**What it does**

QualiMap RNA-seq QC reports quality control metrics and bias estimations which are
specific for whole transcriptome sequencing, including reads genomic origin, junction
analysis, transcript coverage and 5'-3' bias computation.


**Counting mode**

The tool can count either *reads* or *fragments* (the latter is specific to
paired-end sequencing). Fragment counting means that only one count is added for a
pair of reads.

For paired-end data, you will usually want to choose *Count fragments*, but note
that this requires the input BAM dataset to be coordinate-sorted by read names
(instead of the more common coordinate-sorting by genomic position).

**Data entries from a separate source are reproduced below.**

Theorem lemma5 (V F : eqType) (q : nat) (nbrs : V -> seq V) (bnd : F -> 'I_q -> V)
    (vfaces : V -> seq F) (v0 : V) :
  (3 <= q)%N ->
  q_face_regular_tessellation q nbrs bnd vfaces ->
  ~ (exists s : seq V, forall v, v \in s) ->
  (forall v, (vcurv q nbrs vfaces v <= 0)%R) ->
  forall (l k : nat), (l < Nq q)%N -> (1 <= k)%N ->
  forall s : seq V, uniq s -> (forall v, v \in s <-> is_dist nbrs v0 v k) ->
  let d := (bl q l - kappa_sphere q nbrs vfaces s)%R in
  ((l.*2.+1 == Nq q) && ((q == 3) || (q == 4)) -> (2 <= d)%R) /\
  ((l.*2.+1 != Nq q) || ~~ odd q -> (1 <= d)%R) /\
  ((l.*2.+1 == Nq q) && (q == 5) -> (0 <= d)%R) /\
  ((l.*2.+1 == Nq q) && (7 <= q)%N && odd q -> (-1 <= d)%R).
Proof.
move=> q_ge3 tess infinite curv_nonpos l k _ _ s _ sphereP d.
have s_nonempty : s != [::].
  have [_ [_ [_ [_ [connected _]]]]] := tess.
  have [x /sphereP] := sphere_nonempty v0 connected k infinite.
  by apply: contraTneq => ->.
have kappa_nonpos := kappa_sphere_nonpos q_ge3 tess curv_nonpos s_nonempty.
have kappa_le_deg3 := kappa_sphere_le_deg3 q_ge3 tess curv_nonpos s_nonempty.
have kappa_le_q5 := kappa_sphere_le_q5 q_ge3 tess curv_nonpos s_nonempty.
rewrite /d; split; [|split; [|split]].
- case/andP=> mid q34; have -> : bl q l = 2 by rewrite /bl mid; case/orP: q34 => /eqP->.
  lra.
- move=> not_mid; have -> : bl q l = 4 / (q%:R - 2).
    by rewrite /bl; case: (odd q) not_mid => //=; rewrite orbF => /negbTE->.
  lra.
- case/andP=> mid /eqP q5; have -> : bl q l = - 2 / 3 by rewrite /bl mid q5.
  by move: (kappa_le_q5 q5); lra.
- by case/andP=> /andP[mid _] odd_q; rewrite /bl mid odd_q /=; lra.
Qed.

For single-end data, the two counting modes are equivalent and you should choose
*Count reads*.


**Genome annotation data**

The genome annotation provided to the tool should be in GTF format. The tool uses
the *gene_id* attribute of annotated features to group counts.


**Strandedness**

The strandedness setting is used to decide which read or fragment counts to add to
which gene. The default setting is to count reads/fragments independent of
strandedness, but if your sequencing protocol is strand-specific, you should
indicate this here.

For strand-specific protocols, only reads/fragments that are on the expected strand
will be counted. For paired-end data, this means that the two reads of a pair are
expected to be on opposite strands, with the first read on the strand opposite to
that of the gene, and the second read on the same strand as the gene
(forward-stranded protocol), or *vice versa* (reverse-stranded protocol).


**Multimapping reads**

Reads that map to multiple locations in the genome can be counted proportionally to
the number of locations they map to (as indicated by the ``NH`` tag in the BAM
input), or they can be ignored.


**Outputs**

The tool generates three outputs:

- an HTML report with

  - plots of the following statistics:

    - *Reads Genomic Origin*
    - *Coverage Profile Along Genes (Total)*
    - *Coverage Profile Along Genes (Low)*
    - *Coverage Profile Along Genes (High)*
    - *Coverage Histogram (0-50x)*
    - *Junction Analysis*

  - a *Summary* section with detailed statistics

- a collection of the raw data underlying the plots and the summary

- optionally, a counts dataset with per-gene counts


**HTML Report**

*Summary*

- reads aligned

  number of reads (or fragments) that are aligned to the reference; this number
  includes secondary alignments

- total alignments

  total number of alignment records in the BAM input; this number includes secondary
  alignments

- secondary alignments

  number of secondary alignment records in the BAM input

- non-unique alignments

  number of alignment records with an ``NH`` tag greater than one;
  corresponds to the number of alignments that will have been skipped during
  counting when *Count uniquely mapped reads only* is selected

- number of reads aligned to genes

- number of ambiguous alignments

  This is the number of mapped reads that span multiple annotated genes.
  Such reads are always skipped during counting.

- no feature assigned

  reports the number of alignments that are not overlapping any annotated
  feature; these may represent alignments to introns or intergenic regions, or,
  if the number is really high, may indicate a problem with your genome
  annotations

- not aligned

  number of reads not mapped by the aligner (but included in the BAM input)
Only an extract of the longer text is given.